He sipped the mead. Smiled tremulously.

“Finish it,” Hild said. He was going to need it.

* * *

The king’s new thegns sent to their farmsteads for tools and men, and the great clearing by the Aire rang with hammers and adzes and clattered with lathes. The king’s hall rose.

The days grew colder and the nights colder still. Hild missed the warmth of Begu sleeping by her.

They woke to hedges salted with frost that didn’t melt until noon. The king rode out with Osric Whiphand, Paulinus Crow, Coelfrith Steward, and Cian Boldcloak to tour the land of his new thegns and inspect the fortifications at Aberford. While they were gone, Stephanus paired priests and parties of gesiths and sent them north and south and east and west to root out any wealh with a tonsure and drive them from Elmet. “None must remain,” he said. “They are spies.”

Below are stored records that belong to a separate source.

(* Let $A$ be a bounded linear operator on a complex Hilbert space $\mathcal H\neq\{0\}$. Then $W_0(A)\cap\partial W(A)\neq\emptyset$ if and only if $A$ is normaloid.
   Context: The numerical range of $A$ is $W(A)=\{\langle Ax,x\rangle : x\in\mathcal H,\ \|x\|=1\}$, and $\partial W(A)$ denotes its boundary in $\mathbb C$. The maximal numerical range $W_0(A)$ is the set of all $\lambda\in\mathbb C$ for which there exist unit vectors $x_n\in\mathcal H$ with $\|Ax_n\|\to\|A\|$ and $\langle Ax_n,x_n\rangle\to\lambda$. The operator $A$ is called normaloid if $\sigma(A)\cap\mathcal C_A\neq\emptyset$, where $\sigma(A)$ is the spectrum and $\mathcal C_A=\{z\in\mathbb C: |z|=\|A\|\}$; equivalently, if the closure of $W(A)$ meets $\mathcal C_A$, i.e. the numerical radius $\sup\{|z|: z\in W(A)\}$ equals $\|A\|$. *)

From Stdlib Require Import Reals Lra.
Open Scope R_scope.

Record C := mkC { Re : R ; Im : R }.

Definition RtoC (r : R) : C := mkC r 0.
Definition C0 : C := mkC 0 0.
Definition C1 : C := mkC 1 0.
Definition Cadd (z w : C) : C := mkC (Re z + Re w) (Im z + Im w).
Definition Copp (z : C) : C := mkC (- Re z) (- Im z).
Definition Csub (z w : C) : C := Cadd z (Copp w).
Definition Cmul (z w : C) : C :=
  mkC (Re z * Re w - Im z * Im w) (Re z * Im w + Im z * Re w).
Definition Cconj (z : C) : C := mkC (Re z) (- Im z).
Definition Cmod (z : C) : R := sqrt (Re z * Re z + Im z * Im z).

Hild persuaded Pyr that none would think him soft if the Loid workers were fed and sheltered, for a healthy Loid worked faster. And besides, she spoke for the king when she said that in Elmet now there were no more Anglisc, no more Loid, there were only Elmetsætne. She set Morud to making sure all grumbles reached the right ears.

More people, Loid and Anglisc, straggled in and sought her out, some to swear to her, some just to see for themselves the tall maid who called them all Elmetsætne. The daughter of a hægtes and an ætheling, some said—no, a wood ælf and a princess, said others—though that didn’t stop them wanting to touch her hem or catch up a fallen hair for luck. Farmers, coppicers, a dairymaid. A quiet man with a bow and a huge silent dog. Half a dozen ragged children, slings thrust through their twisted grass belts, who looked to have been living on their wits for a season. And one man, Rhin, older and footsore, whose tunic was too small and worn in places that didn’t suit his body, a man who didn’t take his hood off—he begged her pardon, he said, with a glance at Morud, who ignored him, but his ears were aching in the cold.

Hild sent the man with Morud to Oeric, for a meal at least, and said to Gwladus, “Do you trust him?”

Gwladus said, “He has the look of a man more used to skirts.”

Hild nodded. She should send him on his way. But he might prove useful. “Find out what you can. Ask Morud.”

That night she called Oeric to her wagon. She sat wrapped in a wolf fur on the step, and studied him. Perhaps it was that he was getting fed regularly, perhaps that he now had a ring on his pointing finger, her token, but he looked older, more solid.

“I gave you that ring so that you could do my bidding without hindrance. Why is Gwladus telling me some of my people are hungry?”

“We have food for eight days, lady. And some of these beggars are Loid who will move on.”

“When the king returns, we’ll be leaving. I doubt it will be eight days. But even if we stayed a month, I gave orders that all my people were to be well fed and well clothed. All. Take heed. In my service there are no Deirans, no Bernicians, no Loid or Anglisc, no Dyfneint or Elmetsætne. In my household there are only my people.” Her household. Yes. “Gwladus will speak in my name in the world of servants. You will speak in my name to freemen. You are mine, as are all those sworn to my service.” Her people.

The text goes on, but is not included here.